__Problem__.
The required answer is each line in the entries below where "sqrt" occurs.

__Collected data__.
*** Block opens ***

(* In the kernel LSTD setting described in the context, let $\widehat\Delta=\widehat\theta-\theta^*$. Then $$(1-\bar\gamma)\|\widehat\Delta\|_\mu^2\le\rho^2(\widehat\Delta)=T_1+T_2+T_3-\lambda_n\|\widehat\Delta\|_{\mathbb{H}}^2,$$ where $T_1=\langle\widehat\Delta,\ \widehat\Sigma_{\rm cov}(r-\theta^* )+\widehat y_0+\widehat\Sigma_{\rm cr}\theta^*\rangle_{\mathbb{H}}$, $T_2=\lambda_n\langle\widehat\Delta,r-\theta^*\rangle_{\mathbb{H}}$, and $T_3=\langle\widehat\Delta,(\Gamma-\widehat\Gamma)\widehat\Delta\rangle_{\mathbb{H}}$ with $\widehat\Gamma=\widehat\Sigma_{\rm cov}-\widehat\Sigma_{\rm cr}$ and $\Gamma=\Sigma_{\rm cov}-\Sigma_{\rm cr}$.
   Context: Markov reward process: state space $\mathcal{X}$, transition kernel $\mathcal{P}$ with stationary distribution $\mu$, known reward $r$, discount $\gamma\in[0,1)$; $\|f\|_\mu=(\int f^2d\mu)^{1/2}$. For $k\ge0$, $(\mathcal{T}^{(k)}f)(x)=\mathbb{E}[\sum_{\ell=0}^{k-1}\gamma^\ell r(X_\ell)+\gamma^kf(X_k)\mid X_0=x]$; for $K\ge1$ and $w\in\mathbb{R}^K$ in the probability simplex, $\mathcal{T}^{(w)}=\sum_kw_k\mathcal{T}^{(k)}$ and $\bar\gamma=\sum_kw_k\gamma^k$. $\mathbb{H}$ is an RKHS with kernel $\mathcal{K}$ containing constants and $r$, $\mathcal{R}_x=\mathcal{K}(\cdot,x)$, and $g\otimes h$ is $f\mapsto g\langle h,f\rangle_{\mathbb{H}}$. With $(X_0,\dots,X_K)$ a chain from $X_0\sim\mu$: $\Sigma_{\rm cov}=\mathbb{E}[\mathcal{R}_{X_0}\otimes\mathcal{R}_{X_0}]$, $\Sigma_{\rm cr}=\mathbb{E}[\mathcal{R}_{X_0}\otimes\sum_kw_k\gamma^k\mathcal{R}_{X_k}]$, $y_0=\mathbb{E}[\mathcal{R}_{X_0}\sum_kw_k\sum_{\ell=1}^{k-1}\gamma^\ell r(X_\ell)]$; $\theta^*\in\mathbb{H}$ solves $\Sigma_{\rm cov}\theta^*=\Sigma_{\rm cov}r+y_0+\Sigma_{\rm cr}\theta^*$. Given a trajectory $x_1,\dots,x_n$ ($n>K$, $\tilde n=n-K$): $\widehat\Sigma_{\rm cov}=\frac1{\tilde n}\sum_{t=1}^{\tilde n}\mathcal{R}_{x_t}\otimes\mathcal{R}_{x_t}$, $\widehat\Sigma_{\rm cr}=\frac1{\tilde n}\sum_{t=1}^{\tilde n}\mathcal{R}_{x_t}\otimes\sum_kw_k\gamma^k\mathcal{R}_{x_{t+k}}$, $\widehat y_0=\frac1{\tilde n}\sum_{t=1}^{\tilde n}\mathcal{R}_{x_t}\sum_kw_k\sum_{\ell=1}^{k-1}\gamma^\ell r(x_{t+\ell})$; for $\lambda_n>0$, $\widehat\theta$ solves $(\widehat\Sigma_{\rm cov}+\lambda_nI)\widehat\theta=(\widehat\Sigma_{\rm cov}+\lambda_nI)r+\widehat y_0+\widehat\Sigma_{\rm cr}\widehat\theta$. The functional $\rho$ is $\rho(f)=\big(\mathbb{E}[f^2(X_0)-\sum_{k=1}^Kw_k\gamma^kf(X_0)f(X_k)]\big)^{1/2}$ with $(X_0,\dots,X_K)$ a chain from $X_0\sim\mu$. *)

From HB Require Import structures.
From mathcomp Require Import all_boot all_order all_algebra.
From mathcomp Require Import all_classical all_reals all_analysis.
Set Implicit Arguments. Unset Strict Implicit. Unset Printing Implicit Defensive.
Import Order.TTheory GRing.Theory Num.Theory.
Local Open Scope classical_set_scope.
Local Open Scope ring_scope.

Section KernelLSTD.
Context (R : realType) (d : measure_display) (X : measurableType d).
Context (H : lmodType R) (ip : H -> H -> R) (Rx : X -> H).

Definition ev (f : H) : X -> R := fun x => ip f (Rx x).

(* H (with inner product ip and kernel sections Rx) is an RKHS on X with
   kernel K(x,y) = ip (Rx x) (Rx y):  a real Hilbert space of functions
   on X (evaluation is injective, i.e. elements are identified with the
   functions ev f), with the reproducing property built into ev. *)
Definition is_rkhs : Prop :=
  [/\ (forall a f g h, ip (a *: f + g) h = a * ip f h + ip g h),
      (forall f g, ip f g = ip g f),
      (forall f, 0 <= ip f f),
      (forall f, ip f f = 0 -> f = 0) &
      (forall f g, ev f =1 ev g -> f = g)] /\
      (forall u : nat -> H,
        (forall e : R, 0 < e -> exists N, forall m p, (N <= m)%N -> (N <= p)%N ->
            Num.sqrt (ip (u m - u p) (u m - u p)) < e) ->
        exists l : H, forall e : R, 0 < e -> exists N, forall m, (N <= m)%N ->
            Num.sqrt (ip (u m - l) (u m - l)) < e).

Definition tens (g h : H) : H -> H := fun f => ip h f *: g.

Variable P : R.-pker X ~> X.
Definition Pop (h : X -> R) : X -> R := fun x => (\int[P x]_y h y)%R.
Fixpoint Piter (k : nat) (h : X -> R) : X -> R :=
  if k is k'.+1 then Pop (Piter k' h) else h.

Variable mu : probability X R.

(* E[ f(X_0) g(X_k) ] for the chain started at X_0 ~ mu with kernel P *)
Definition Epair (k : nat) (f g : X -> R) : R :=
  (\int[mu]_x (f x * Piter k g x))%R.

Definition muNorm2 (f : X -> R) : R := (\int[mu]_x (f x ^+ 2))%R.

Definition rho (K : nat) (w : nat -> R) (gamma : R) (f : X -> R) : R :=
  Num.sqrt (Epair 0 f f - \sum_(1 <= k < K.+1) w k * gamma ^+ k * Epair k f f).

End KernelLSTD.

Definition stationary (R : realType) (d : measure_display) (X : measurableType d)
  (P : R.-pker X ~> X) (mu : probability X R) : Prop :=
  forall A, measurable A -> (\int[mu]_x P x A = mu A)%E.

Definition in_simplex (R : realType) (K : nat) (w : nat -> R) : Prop :=
  (forall k, (1 <= k <= K)%N -> 0 <= w k) /\ \sum_(1 <= k < K.+1) w k = 1.

Definition gbar (R : realType) (K : nat) (w : nat -> R) (gamma : R) : R :=
  \sum_(1 <= k < K.+1) w k * gamma ^+ k.

Section Empirical.
Context (R : realType) (X : Type) (H : lmodType R) (ip : H -> H -> R) (Rx : X -> H).
Context (K n : nat) (w : nat -> R) (gamma : R) (r : X -> R) (x : nat -> X).

Definition ntil : nat := (n - K)%N.

Definition Scov_hat (f : H) : H :=
  (ntil%:R)^-1 *: \sum_(1 <= t < ntil.+1) tens ip (Rx (x t)) (Rx (x t)) f.

Definition Scr_hat (f : H) : H :=
  (ntil%:R)^-1 *: \sum_(1 <= t < ntil.+1)
     tens ip (Rx (x t)) (\sum_(1 <= k < K.+1) (w k * gamma ^+ k) *: Rx (x (t + k)%N)) f.

Definition y_hat : H :=
  (ntil%:R)^-1 *: \sum_(1 <= t < ntil.+1)
     (\sum_(1 <= k < K.+1) w k * \sum_(1 <= l < k) gamma ^+ l * r (x (t + l)%N)) *: Rx (x t).
End Empirical.

From HB Require Import structures.
From mathcomp Require Import all_boot all_order all_algebra.
From mathcomp Require Import all_classical all_reals all_analysis.
From mathcomp Require Import measurable_realfun.
From mathcomp Require Import ring lra.
Import Order.TTheory GRing.Theory Num.Theory.
Local Open Scope classical_set_scope.
Local Open Scope ring_scope.
Set Implicit Arguments. Unset Strict Implicit. Unset Printing Implicit Defensive.

(* Let f be the evaluation function of Delta.  Since P^k is a Markov operator,
   Jensen gives (P^k f)^2 <= P^k (f^2), and stationarity gives
   E[(P^k g)(X_0)] = E[g(X_0)]; hence
   E[f(X_0) f(X_k)] <= (E f(X_0)^2 + E (P^k f^2)(X_0)) / 2 = ||f||_mu^2.
   Summing against the weights w_k gamma^k bounds the quantity under the square
   root in rho from below by (1 - gbar) ||f||_mu^2 >= 0, which gives the
   inequality and shows rho^2(Delta) = <Delta, Gamma Delta>.  The identity is
   then algebra: pairing with Delta the difference of the regularized empirical
   normal equation solved by theta_hat and the same expression at theta_star
   yields T1 + T2 = <Delta, Gamma_hat Delta> + lam ||Delta||^2. *)

Section bounded_measurable.
Context {R : realType} {d : measure_display} {X : measurableType d}.

Definition bounded_measurable (f : X -> R) :=
  measurable_fun setT f /\ exists M : R, forall x, `|f x| <= M.

Lemma bounded_measurable_integrable (m : {measure set X -> \bar R}) f :
  (m setT < +oo)%E -> bounded_measurable f -> m.-integrable setT (EFin \o f).
Proof.
move=> mfin [mf [M fM]]; apply: measurable_bounded_integrable => //.
exists M; split; first exact: num_real.
by move=> N /ltW MN x _; exact: le_trans (fM x) MN.
Qed.

Lemma bounded_measurable_cst c : bounded_measurable (fun _ => c).
Proof. by split; [exact: measurable_cst | exists `|c|]. Qed.

Lemma bounded_measurableD f g : bounded_measurable f -> bounded_measurable g ->
  bounded_measurable (fun x => f x + g x).
Proof.
move=> [mf [M fM]] [mg [N gN]]; split; first exact: measurable_funD.
by exists (M + N) => x; exact: le_trans (ler_normD _ _) (lerD (fM x) (gN x)).
Qed.

Lemma bounded_measurableM f g : bounded_measurable f -> bounded_measurable g ->
  bounded_measurable (fun x => f x * g x).
Proof.
move=> [mf [M fM]] [mg [N gN]]; split; first exact: measurable_funM.
by exists (M * N) => x; rewrite normrM; exact: ler_pM.
Qed.

Lemma bounded_measurable_sqr f : bounded_measurable f ->
  bounded_measurable (fun x => f x ^+ 2).
Proof. by move=> bf; under eq_fun do rewrite expr2; exact: bounded_measurableM. Qed.

Lemma Rintegral_sqr_le (m : {measure set X -> \bar R}) h :
  m setT = 1%E -> bounded_measurable h ->
  (\int[m]_y h y) ^+ 2 <= \int[m]_y h y ^+ 2.
Proof.
move=> m1 bh; set c := \int[m]_y h y.
have int f : bounded_measurable f -> m.-integrable setT (EFin \o f).
  by apply: bounded_measurable_integrable; rewrite m1 ltry.
have : \int[m]_y (2 * c * h y) <= \int[m]_y (c ^+ 2 + h y ^+ 2).
  apply: le_Rintegral => //.
  - by apply: int; exact: bounded_measurableM (bounded_measurable_cst _) bh.
  - by apply: int; exact: bounded_measurableD (bounded_measurable_cst _)
      (bounded_measurable_sqr bh).
  move=> y _; rewrite -subr_ge0.
  have -> : c ^+ 2 + h y ^+ 2 - 2 * c * h y = (c - h y) ^+ 2 by ring.
  exact: sqr_ge0.
rewrite RintegralZl //; last exact: int.
rewrite RintegralD //; last 2 first.
- exact: int (bounded_measurable_cst _).
- exact: int (bounded_measurable_sqr bh).
rewrite Rintegral_cst // m1 mulr1 -/c; nra.
Qed.

End bounded_measurable.

Section transition_kernel.
Context {R : realType} {d : measure_display} {X : measurableType d}.
Variable P : R.-pker X ~> X.

Let P_setT x : P x setT = 1%E.
Proof. exact: prob_kernel. Qed.

Let P_fin x : (P x setT < +oo)%E.
Proof. by rewrite P_setT ltry. Qed.

Lemma Pop_cst c x : Pop P (fun _ => c) x = c.
Proof. by rewrite /Pop Rintegral_cst // P_setT mulr1. Qed.

Lemma measurable_Pop h : bounded_measurable h -> measurable_fun setT (Pop P h).
Proof.
move=> [mh [M hM]].
have hM0 y : (0 <= h y + M)%R.
  by have := hM y; rewrite ler_norml => /andP[+ _]; lra.
have int x f : bounded_measurable f -> (P x).-integrable setT (EFin \o f).
  exact: bounded_measurable_integrable (P_fin x).
(* measurable_fun_integral_kernel needs a nonnegative integrand: shift by M *)
have -> : Pop P h = (fun x => fine (\int[P x]_y (h y + M)%:E)%E - M).
  apply/funext => x; rewrite -[RHS]/(\int[P x]_y (h y + M) - M).
  rewrite RintegralD //; last 2 first.
  - exact: int (conj mh (ex_intro _ M hM)).
  - exact: int (bounded_measurable_cst _).
  by rewrite -/(Pop P (fun _ => M) x) Pop_cst addrK.
apply: measurable_funB; last exact: measurable_cst.
apply: measurableT_comp (fine_measurable measurableT) _.
apply: (measurable_fun_integral_kernel (l := P)).
- by move=> U mU; exact: measurable_kernel.
- by move=> y; rewrite lee_fin.
- by apply/measurable_EFinP; apply: measurable_funD.
Qed.

Lemma bounded_measurable_Pop h :
  bounded_measurable h -> bounded_measurable (Pop P h).
Proof.
move=> bh; split; first exact: measurable_Pop.
have [mh [M hM]] := bh; exists M => x.
apply: le_trans (le_normr_Rintegral measurableT
  (bounded_measurable_integrable (P_fin x) bh)) _.
rewrite -[leRHS](Pop_cst M x); apply: le_Rintegral => //.
  apply: bounded_measurable_integrable (P_fin x) _.
  by split; [exact: measurableT_comp | exists M => y; rewrite normr_id].
exact: bounded_measurable_integrable (P_fin x) (bounded_measurable_cst _).
Qed.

*** Block closes ***

__Answer section__.
            Num.sqrt (ip (u m - u p) (u m - u p)) < e) ->
            Num.sqrt (ip (u m - l) (u m - l)) < e).
  Num.sqrt (Epair 0 f f - \sum_(1 <= k < K.+1) w k * gamma ^+ k * Epair k f f).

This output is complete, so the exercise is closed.